Lemma continuous_RInt_lipschitz_param (f : R -> R -> R) (a b M t0 : R) : a <= b ->
  (forall t, ex_RInt (f t) a b) ->
  (forall t r, a <= r <= b -> Rabs (f t r - f t0 r) <= M * Rabs (t - t0)) ->
  continuous (fun t => RInt (f t) a b) t0.
Proof.
  intros Hab Hf HM. apply continuous_lipschitz_at with ((b - a) * M). intro t.
  replace (RInt (f t) a b - RInt (f t0) a b) with (RInt (fun r => f t r - f t0 r) a b)
    by exact (RInt_minus (V := R_CompleteNormedModule) _ _ a b (Hf t) (Hf t0)).
  rewrite Rmult_assoc. apply abs_RInt_le_const; [exact Hab | | exact (HM t)].
  exact (ex_RInt_minus (V := R_NormedModule) _ _ a b (Hf t) (Hf t0)).
Qed.

Lemma dist_int_attained (x : R) : exists n : Z, dist_int x = Rabs (x - IZR n).
Proof.
  unfold dist_int, frac_part. destruct (base_Int_part x) as [Hlo Hhi].
  set (m := Int_part x) in *.
  unfold Rmin. destruct (Rle_dec (x - IZR m) (1 - (x - IZR m))).
  - exists m. rewrite Rabs_right; lra.
  - exists (m + 1)%Z. rewrite plus_IZR, Rabs_left; lra.
Qed.

Lemma dist_int_le (x : R) (n : Z) : dist_int x <= Rabs (x - IZR n).
Proof.
  unfold dist_int, frac_part. destruct (base_Int_part x) as [Hlo Hhi].
  set (m := Int_part x) in *.
  destruct (Z_le_gt_dec n m) as [Hn | Hn].
  - apply IZR_le in Hn. apply Rle_trans with (x - IZR m); [apply Rmin_l |].
    rewrite Rabs_right; lra.
  - assert (Hn' : (m + 1 <= n)%Z) by lia. apply IZR_le in Hn'. rewrite plus_IZR in Hn'.
    apply Rle_trans with (1 - (x - IZR m)); [apply Rmin_r |].
    rewrite Rabs_left; lra.
Qed.

Lemma dist_int_ge0 (x : R) : 0 <= dist_int x.
Proof. destruct (dist_int_attained x) as [n ->]. apply Rabs_pos. Qed.

Lemma dist_int_le_half (x : R) : dist_int x <= / 2.
Proof. unfold dist_int, Rmin. destruct (Rle_dec _ _); lra. Qed.

Lemma dist_int_lipschitz (x y : R) : dist_int x <= dist_int y + Rabs (x - y).
Proof.
  destruct (dist_int_attained y) as [n ->].
  apply Rle_trans with (Rabs (x - IZR n)); [apply dist_int_le |].
  replace (x - IZR n) with ((x - y) + (y - IZR n)) by ring.
  rewrite Rplus_comm. apply Rabs_triang.
Qed.

Lemma dist_int_small (x : R) : Rabs x <= / 2 -> dist_int x = Rabs x.
Proof.
  intro Hx. apply Rle_antisym.
  - pose proof (dist_int_le x 0) as H. rewrite Rminus_0_r in H. exact H.
  - destruct (dist_int_attained x) as [n ->].
    destruct (Z.eq_dec n 0) as [-> | Hn0]; [rewrite Rminus_0_r; lra |].
    assert (Hn : 1 <= Rabs (IZR n)).
    { rewrite <- abs_IZR. apply IZR_le. lia. }
    pose proof (Rabs_triang_inv (IZR n) x). rewrite Rabs_minus_sym. lra.
Qed.

Lemma abs_sin_PI_mul_le (x : R) : Rabs (sin (PI * x)) <= PI * dist_int x.
Proof.
  destruct (dist_int_attained x) as [n ->].
  assert (Hsin : sin (IZR n * PI) = 0) by (apply sin_eq_0_1; eauto).
  replace (PI * x) with (PI * (x - IZR n) + IZR n * PI) by ring.
  rewrite sin_plus, Hsin, Rmult_0_r, Rplus_0_r, Rabs_mult.
  pose proof (abs_sin_le (PI * (x - IZR n))) as Hs.
  rewrite Rabs_mult, (Rabs_right PI) in Hs by (left; apply PI_RGT_0).
  assert (Rabs (cos (IZR n * PI)) <= 1) by (apply Rabs_le, COS_bound).
  pose proof (Rabs_pos (sin (PI * (x - IZR n)))). nra.
Qed.

Definition rhyp (eps x : R) : R := / sqrt (x² + eps²).

(* [arsinh (x / eps)] *)
Definition rhyp_prim (eps x : R) : R := ln (x + sqrt (x² + eps²)) - ln eps.

Section Rhyp.
Variable eps : R.
Hypothesis eps_gt0 : 0 < eps.

Lemma hypot_gt0 (x : R) : 0 < x² + eps².
Proof. unfold Rsqr. nra. Qed.

Lemma hypot_gt_abs (x : R) : Rabs x < sqrt (x² + eps²).
Proof.
  rewrite <- sqrt_Rsqr_abs. apply sqrt_lt_1_alt. split; [apply Rle_0_sqr |].
  unfold Rsqr. nra.
Qed.

Lemma rhyp_gt0 (x : R) : 0 < rhyp eps x.
Proof. apply Rinv_0_lt_compat, sqrt_lt_R0, hypot_gt0. Qed.

Lemma continuous_rhyp (x : R) : continuous (rhyp eps) x.
Proof.
  apply (ex_derive_continuous (rhyp eps)). unfold rhyp. pose proof (hypot_gt0 x).
  auto_derive. pose proof (sqrt_lt_R0 _ H). repeat split; lra.
Qed.

Lemma sqr_mul_rhyp_le (x : R) : x² * rhyp eps x <= Rabs x.
Proof.
  unfold rhyp. pose proof (hypot_gt_abs x). pose proof (Rabs_pos x).
  set (q := sqrt (x² + eps²)) in *. rewrite Rsqr_abs.
  apply Rmult_le_reg_r with q; [lra |].
  replace ((Rabs x)² * / q * q) with ((Rabs x)²) by (field; lra).
  unfold Rsqr. nra.
Qed.

Lemma rhyp_prim_arg_gt0 (x : R) : 0 < x + sqrt (x² + eps²).
Proof. pose proof (hypot_gt_abs x). unfold Rabs in *; destruct Rcase_abs; lra. Qed.

Lemma is_derive_rhyp_prim (x : R) : is_derive (rhyp_prim eps) x (rhyp eps x).
Proof.
  unfold rhyp_prim, rhyp. pose proof (hypot_gt0 x). pose proof (rhyp_prim_arg_gt0 x).
  auto_derive.
  - repeat split; lra.
  - pose proof (sqrt_lt_R0 _ H). set (q := sqrt (x² + eps²)) in *.
    assert (Hq : q * q = x² + eps²) by (apply sqrt_sqrt; lra).
    unfold Rsqr in Hq. apply Rmult_eq_reg_r with (q * (x + q)); [| nra].
    field. lra.
Qed.

Lemma rhyp_prim_opp (x : R) : rhyp_prim eps (- x) = - rhyp_prim eps x.
Proof.
  unfold rhyp_prim. pose proof (rhyp_prim_arg_gt0 x). pose proof (rhyp_prim_arg_gt0 (- x)).
  rewrite <- Rsqr_neg in *. set (q := sqrt (x² + eps²)) in *.
  assert (Hq : q * q = x² + eps²) by (apply sqrt_sqrt; pose proof (hypot_gt0 x); lra).
  (* the two arguments multiply to eps^2 *)
  assert (ln (- x + q) + ln (x + q) = ln eps + ln eps).
  { rewrite <- !ln_mult by lra. f_equal. unfold Rsqr in Hq. nra. }
  lra.
Qed.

◆ **Work to complete**
What is needed is a word-for-word copy of all the entries.

◆ **The completed task**
Lemma continuous_RInt_lipschitz_param (f : R -> R -> R) (a b M t0 : R) : a <= b ->
  (forall t, ex_RInt (f t) a b) ->
  (forall t r, a <= r <= b -> Rabs (f t r - f t0 r) <= M * Rabs (t - t0)) ->
  continuous (fun t => RInt (f t) a b) t0.
Proof.
  intros Hab Hf HM. apply continuous_lipschitz_at with ((b - a) * M). intro t.
  replace (RInt (f t) a b - RInt (f t0) a b) with (RInt (fun r => f t r - f t0 r) a b)
    by exact (RInt_minus (V := R_CompleteNormedModule) _ _ a b (Hf t) (Hf t0)).
  rewrite Rmult_assoc. apply abs_RInt_le_const; [exact Hab | | exact (HM t)].
  exact (ex_RInt_minus (V := R_NormedModule) _ _ a b (Hf t) (Hf t0)).
Qed.

Lemma dist_int_attained (x : R) : exists n : Z, dist_int x = Rabs (x - IZR n).
Proof.
  unfold dist_int, frac_part. destruct (base_Int_part x) as [Hlo Hhi].
  set (m := Int_part x) in *.
  unfold Rmin. destruct (Rle_dec (x - IZR m) (1 - (x - IZR m))).
  - exists m. rewrite Rabs_right; lra.
  - exists (m + 1)%Z. rewrite plus_IZR, Rabs_left; lra.
Qed.

Lemma dist_int_le (x : R) (n : Z) : dist_int x <= Rabs (x - IZR n).
Proof.
  unfold dist_int, frac_part. destruct (base_Int_part x) as [Hlo Hhi].
  set (m := Int_part x) in *.
  destruct (Z_le_gt_dec n m) as [Hn | Hn].
  - apply IZR_le in Hn. apply Rle_trans with (x - IZR m); [apply Rmin_l |].
    rewrite Rabs_right; lra.
  - assert (Hn' : (m + 1 <= n)%Z) by lia. apply IZR_le in Hn'. rewrite plus_IZR in Hn'.
    apply Rle_trans with (1 - (x - IZR m)); [apply Rmin_r |].
    rewrite Rabs_left; lra.
Qed.

Lemma dist_int_ge0 (x : R) : 0 <= dist_int x.
Proof. destruct (dist_int_attained x) as [n ->]. apply Rabs_pos. Qed.

Lemma dist_int_le_half (x : R) : dist_int x <= / 2.
Proof. unfold dist_int, Rmin. destruct (Rle_dec _ _); lra. Qed.

Lemma dist_int_lipschitz (x y : R) : dist_int x <= dist_int y + Rabs (x - y).
Proof.
  destruct (dist_int_attained y) as [n ->].
  apply Rle_trans with (Rabs (x - IZR n)); [apply dist_int_le |].
  replace (x - IZR n) with ((x - y) + (y - IZR n)) by ring.
  rewrite Rplus_comm. apply Rabs_triang.
Qed.

Lemma dist_int_small (x : R) : Rabs x <= / 2 -> dist_int x = Rabs x.
Proof.
  intro Hx. apply Rle_antisym.
  - pose proof (dist_int_le x 0) as H. rewrite Rminus_0_r in H. exact H.
  - destruct (dist_int_attained x) as [n ->].
    destruct (Z.eq_dec n 0) as [-> | Hn0]; [rewrite Rminus_0_r; lra |].
    assert (Hn : 1 <= Rabs (IZR n)).
    { rewrite <- abs_IZR. apply IZR_le. lia. }
    pose proof (Rabs_triang_inv (IZR n) x). rewrite Rabs_minus_sym. lra.
Qed.

Lemma abs_sin_PI_mul_le (x : R) : Rabs (sin (PI * x)) <= PI * dist_int x.
Proof.
  destruct (dist_int_attained x) as [n ->].
  assert (Hsin : sin (IZR n * PI) = 0) by (apply sin_eq_0_1; eauto).
  replace (PI * x) with (PI * (x - IZR n) + IZR n * PI) by ring.
  rewrite sin_plus, Hsin, Rmult_0_r, Rplus_0_r, Rabs_mult.
  pose proof (abs_sin_le (PI * (x - IZR n))) as Hs.
  rewrite Rabs_mult, (Rabs_right PI) in Hs by (left; apply PI_RGT_0).
  assert (Rabs (cos (IZR n * PI)) <= 1) by (apply Rabs_le, COS_bound).
  pose proof (Rabs_pos (sin (PI * (x - IZR n)))). nra.
Qed.

Definition rhyp (eps x : R) : R := / sqrt (x² + eps²).

(* [arsinh (x / eps)] *)
Definition rhyp_prim (eps x : R) : R := ln (x + sqrt (x² + eps²)) - ln eps.

Section Rhyp.
Variable eps : R.
Hypothesis eps_gt0 : 0 < eps.

Lemma hypot_gt0 (x : R) : 0 < x² + eps².
Proof. unfold Rsqr. nra. Qed.

Lemma hypot_gt_abs (x : R) : Rabs x < sqrt (x² + eps²).
Proof.
  rewrite <- sqrt_Rsqr_abs. apply sqrt_lt_1_alt. split; [apply Rle_0_sqr |].
  unfold Rsqr. nra.
Qed.

Lemma rhyp_gt0 (x : R) : 0 < rhyp eps x.
Proof. apply Rinv_0_lt_compat, sqrt_lt_R0, hypot_gt0. Qed.

Lemma continuous_rhyp (x : R) : continuous (rhyp eps) x.
Proof.
  apply (ex_derive_continuous (rhyp eps)). unfold rhyp. pose proof (hypot_gt0 x).
  auto_derive. pose proof (sqrt_lt_R0 _ H). repeat split; lra.
Qed.

Lemma sqr_mul_rhyp_le (x : R) : x² * rhyp eps x <= Rabs x.
Proof.
  unfold rhyp. pose proof (hypot_gt_abs x). pose proof (Rabs_pos x).
  set (q := sqrt (x² + eps²)) in *. rewrite Rsqr_abs.
  apply Rmult_le_reg_r with q; [lra |].
  replace ((Rabs x)² * / q * q) with ((Rabs x)²) by (field; lra).
  unfold Rsqr. nra.
Qed.

Lemma rhyp_prim_arg_gt0 (x : R) : 0 < x + sqrt (x² + eps²).
Proof. pose proof (hypot_gt_abs x). unfold Rabs in *; destruct Rcase_abs; lra. Qed.

Lemma is_derive_rhyp_prim (x : R) : is_derive (rhyp_prim eps) x (rhyp eps x).
Proof.
  unfold rhyp_prim, rhyp. pose proof (hypot_gt0 x). pose proof (rhyp_prim_arg_gt0 x).
  auto_derive.
  - repeat split; lra.
  - pose proof (sqrt_lt_R0 _ H). set (q := sqrt (x² + eps²)) in *.
    assert (Hq : q * q = x² + eps²) by (apply sqrt_sqrt; lra).
    unfold Rsqr in Hq. apply Rmult_eq_reg_r with (q * (x + q)); [| nra].
    field. lra.
Qed.

Lemma rhyp_prim_opp (x : R) : rhyp_prim eps (- x) = - rhyp_prim eps x.
Proof.
  unfold rhyp_prim. pose proof (rhyp_prim_arg_gt0 x). pose proof (rhyp_prim_arg_gt0 (- x)).
  rewrite <- Rsqr_neg in *. set (q := sqrt (x² + eps²)) in *.
  assert (Hq : q * q = x² + eps²) by (apply sqrt_sqrt; pose proof (hypot_gt0 x); lra).
  (* the two arguments multiply to eps^2 *)
  assert (ln (- x + q) + ln (x + q) = ln eps + ln eps).
  { rewrite <- !ln_mult by lra. f_equal. unfold Rsqr in Hq. nra. }
  lra.
Qed.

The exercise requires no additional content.